<<<<

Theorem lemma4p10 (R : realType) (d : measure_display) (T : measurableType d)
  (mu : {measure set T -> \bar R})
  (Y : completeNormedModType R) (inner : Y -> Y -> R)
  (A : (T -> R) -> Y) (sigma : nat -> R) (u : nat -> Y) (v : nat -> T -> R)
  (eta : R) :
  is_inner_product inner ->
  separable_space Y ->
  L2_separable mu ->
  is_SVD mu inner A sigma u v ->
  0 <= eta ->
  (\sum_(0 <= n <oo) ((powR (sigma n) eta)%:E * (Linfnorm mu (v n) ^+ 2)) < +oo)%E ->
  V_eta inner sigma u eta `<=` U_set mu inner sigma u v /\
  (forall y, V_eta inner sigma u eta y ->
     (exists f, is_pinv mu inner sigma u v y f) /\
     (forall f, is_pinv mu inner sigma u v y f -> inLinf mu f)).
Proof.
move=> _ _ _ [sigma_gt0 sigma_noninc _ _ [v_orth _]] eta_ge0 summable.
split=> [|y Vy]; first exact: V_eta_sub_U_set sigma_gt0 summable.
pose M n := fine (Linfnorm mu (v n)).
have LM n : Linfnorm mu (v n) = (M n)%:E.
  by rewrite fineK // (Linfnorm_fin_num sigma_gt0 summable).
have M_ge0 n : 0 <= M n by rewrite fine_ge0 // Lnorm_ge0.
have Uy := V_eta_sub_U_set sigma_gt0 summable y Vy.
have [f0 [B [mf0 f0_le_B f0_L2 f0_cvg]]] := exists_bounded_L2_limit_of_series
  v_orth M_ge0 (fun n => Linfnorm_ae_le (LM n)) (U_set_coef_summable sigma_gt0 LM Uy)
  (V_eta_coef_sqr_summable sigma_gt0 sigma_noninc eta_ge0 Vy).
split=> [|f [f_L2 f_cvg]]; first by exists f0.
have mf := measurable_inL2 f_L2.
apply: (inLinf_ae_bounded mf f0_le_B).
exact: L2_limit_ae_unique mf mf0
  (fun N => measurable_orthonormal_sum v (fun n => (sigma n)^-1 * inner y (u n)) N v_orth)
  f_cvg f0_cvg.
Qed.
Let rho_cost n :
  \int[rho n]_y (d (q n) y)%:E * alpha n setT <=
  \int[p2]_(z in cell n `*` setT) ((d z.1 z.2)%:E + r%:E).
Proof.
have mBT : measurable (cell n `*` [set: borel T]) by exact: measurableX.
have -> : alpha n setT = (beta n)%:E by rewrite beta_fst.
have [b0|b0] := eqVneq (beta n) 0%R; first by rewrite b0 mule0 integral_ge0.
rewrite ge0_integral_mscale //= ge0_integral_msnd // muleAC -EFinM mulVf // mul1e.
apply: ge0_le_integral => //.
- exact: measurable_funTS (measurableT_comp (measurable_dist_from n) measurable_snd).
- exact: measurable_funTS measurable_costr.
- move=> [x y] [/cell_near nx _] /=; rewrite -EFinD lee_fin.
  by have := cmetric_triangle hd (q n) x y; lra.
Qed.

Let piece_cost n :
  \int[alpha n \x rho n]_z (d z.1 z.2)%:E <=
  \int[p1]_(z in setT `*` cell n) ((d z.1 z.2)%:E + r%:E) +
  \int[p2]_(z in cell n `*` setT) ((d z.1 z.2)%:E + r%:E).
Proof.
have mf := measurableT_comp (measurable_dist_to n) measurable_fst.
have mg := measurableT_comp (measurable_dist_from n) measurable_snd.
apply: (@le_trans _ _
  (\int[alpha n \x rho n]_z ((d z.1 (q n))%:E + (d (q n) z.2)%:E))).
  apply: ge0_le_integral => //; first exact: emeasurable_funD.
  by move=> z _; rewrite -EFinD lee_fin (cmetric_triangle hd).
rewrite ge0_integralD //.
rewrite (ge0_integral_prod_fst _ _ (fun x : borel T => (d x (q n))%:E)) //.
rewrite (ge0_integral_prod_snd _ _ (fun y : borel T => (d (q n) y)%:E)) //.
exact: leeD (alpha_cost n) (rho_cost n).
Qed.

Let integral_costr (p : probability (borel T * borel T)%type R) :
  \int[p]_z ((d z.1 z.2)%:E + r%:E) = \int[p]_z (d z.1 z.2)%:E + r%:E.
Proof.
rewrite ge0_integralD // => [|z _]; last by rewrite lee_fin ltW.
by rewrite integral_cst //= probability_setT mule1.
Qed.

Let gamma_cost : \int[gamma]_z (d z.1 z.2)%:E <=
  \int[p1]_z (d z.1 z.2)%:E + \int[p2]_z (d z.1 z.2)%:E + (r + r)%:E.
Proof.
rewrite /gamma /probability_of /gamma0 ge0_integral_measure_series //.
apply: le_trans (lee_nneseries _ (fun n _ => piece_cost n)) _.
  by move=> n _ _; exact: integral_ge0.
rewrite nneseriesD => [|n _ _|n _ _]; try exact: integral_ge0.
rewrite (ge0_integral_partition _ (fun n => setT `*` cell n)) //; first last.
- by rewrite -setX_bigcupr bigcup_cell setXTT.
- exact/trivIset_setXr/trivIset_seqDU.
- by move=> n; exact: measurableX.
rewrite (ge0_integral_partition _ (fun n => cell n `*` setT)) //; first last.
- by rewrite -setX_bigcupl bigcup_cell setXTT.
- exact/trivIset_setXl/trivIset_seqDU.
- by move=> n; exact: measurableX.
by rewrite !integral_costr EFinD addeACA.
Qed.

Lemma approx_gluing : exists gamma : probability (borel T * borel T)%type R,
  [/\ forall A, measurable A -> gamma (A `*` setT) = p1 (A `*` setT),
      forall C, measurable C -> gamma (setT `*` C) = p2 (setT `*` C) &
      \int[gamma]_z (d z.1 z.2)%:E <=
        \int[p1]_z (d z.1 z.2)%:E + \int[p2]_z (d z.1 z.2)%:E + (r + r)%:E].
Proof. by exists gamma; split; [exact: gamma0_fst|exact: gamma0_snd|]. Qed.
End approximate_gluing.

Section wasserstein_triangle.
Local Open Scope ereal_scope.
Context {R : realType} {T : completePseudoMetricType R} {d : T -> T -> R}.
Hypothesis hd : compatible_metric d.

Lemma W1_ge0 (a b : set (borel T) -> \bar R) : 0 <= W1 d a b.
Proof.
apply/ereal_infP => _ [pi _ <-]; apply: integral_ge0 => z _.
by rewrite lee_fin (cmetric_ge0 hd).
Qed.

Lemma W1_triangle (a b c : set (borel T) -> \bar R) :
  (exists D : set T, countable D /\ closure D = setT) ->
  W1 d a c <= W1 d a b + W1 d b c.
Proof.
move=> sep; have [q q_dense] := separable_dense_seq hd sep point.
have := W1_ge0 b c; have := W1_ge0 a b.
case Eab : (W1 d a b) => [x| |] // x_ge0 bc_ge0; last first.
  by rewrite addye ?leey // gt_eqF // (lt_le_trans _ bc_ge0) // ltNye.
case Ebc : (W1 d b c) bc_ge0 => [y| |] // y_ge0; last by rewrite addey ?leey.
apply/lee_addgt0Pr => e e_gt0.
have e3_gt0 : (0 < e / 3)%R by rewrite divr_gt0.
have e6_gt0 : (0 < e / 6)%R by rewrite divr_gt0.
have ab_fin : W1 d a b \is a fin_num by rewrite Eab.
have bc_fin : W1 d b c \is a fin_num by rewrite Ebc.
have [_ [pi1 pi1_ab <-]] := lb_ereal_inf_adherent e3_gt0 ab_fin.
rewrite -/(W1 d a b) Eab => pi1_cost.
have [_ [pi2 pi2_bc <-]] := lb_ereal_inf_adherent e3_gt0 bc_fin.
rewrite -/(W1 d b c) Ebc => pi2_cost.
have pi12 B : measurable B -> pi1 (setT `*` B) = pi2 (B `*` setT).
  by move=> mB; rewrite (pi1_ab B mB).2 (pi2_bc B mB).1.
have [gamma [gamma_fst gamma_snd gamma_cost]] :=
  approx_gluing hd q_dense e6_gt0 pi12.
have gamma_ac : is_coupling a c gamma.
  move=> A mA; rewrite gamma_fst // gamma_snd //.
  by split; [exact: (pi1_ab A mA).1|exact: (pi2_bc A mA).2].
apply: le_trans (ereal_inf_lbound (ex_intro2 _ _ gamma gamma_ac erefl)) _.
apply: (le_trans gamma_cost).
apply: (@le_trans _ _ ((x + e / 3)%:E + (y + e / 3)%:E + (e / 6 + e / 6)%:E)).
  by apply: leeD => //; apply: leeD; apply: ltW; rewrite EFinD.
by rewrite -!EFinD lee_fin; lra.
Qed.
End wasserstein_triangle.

>>>>

* DIRECTIONS FOR THIS TASK *
Among the entries above, the line containing "have mg := measurableT_comp", the line containing "[/\ forall A, measurable", and all lines between them are to be restated word for word; nothing else belongs in the reply.

* ANSWER TO THIS PROBLEM *
have mg := measurableT_comp (measurable_dist_from n) measurable_snd.
apply: (@le_trans _ _
  (\int[alpha n \x rho n]_z ((d z.1 (q n))%:E + (d (q n) z.2)%:E))).
  apply: ge0_le_integral => //; first exact: emeasurable_funD.
  by move=> z _; rewrite -EFinD lee_fin (cmetric_triangle hd).
rewrite ge0_integralD //.
rewrite (ge0_integral_prod_fst _ _ (fun x : borel T => (d x (q n))%:E)) //.
rewrite (ge0_integral_prod_snd _ _ (fun y : borel T => (d (q n) y)%:E)) //.
exact: leeD (alpha_cost n) (rho_cost n).
Qed.

Let integral_costr (p : probability (borel T * borel T)%type R) :
  \int[p]_z ((d z.1 z.2)%:E + r%:E) = \int[p]_z (d z.1 z.2)%:E + r%:E.
Proof.
rewrite ge0_integralD // => [|z _]; last by rewrite lee_fin ltW.
by rewrite integral_cst //= probability_setT mule1.
Qed.

Let gamma_cost : \int[gamma]_z (d z.1 z.2)%:E <=
  \int[p1]_z (d z.1 z.2)%:E + \int[p2]_z (d z.1 z.2)%:E + (r + r)%:E.
Proof.
rewrite /gamma /probability_of /gamma0 ge0_integral_measure_series //.
apply: le_trans (lee_nneseries _ (fun n _ => piece_cost n)) _.
  by move=> n _ _; exact: integral_ge0.
rewrite nneseriesD => [|n _ _|n _ _]; try exact: integral_ge0.
rewrite (ge0_integral_partition _ (fun n => setT `*` cell n)) //; first last.
- by rewrite -setX_bigcupr bigcup_cell setXTT.
- exact/trivIset_setXr/trivIset_seqDU.
- by move=> n; exact: measurableX.
rewrite (ge0_integral_partition _ (fun n => cell n `*` setT)) //; first last.
- by rewrite -setX_bigcupl bigcup_cell setXTT.
- exact/trivIset_setXl/trivIset_seqDU.
- by move=> n; exact: measurableX.
by rewrite !integral_costr EFinD addeACA.
Qed.

Lemma approx_gluing : exists gamma : probability (borel T * borel T)%type R,
  [/\ forall A, measurable A -> gamma (A `*` setT) = p1 (A `*` setT),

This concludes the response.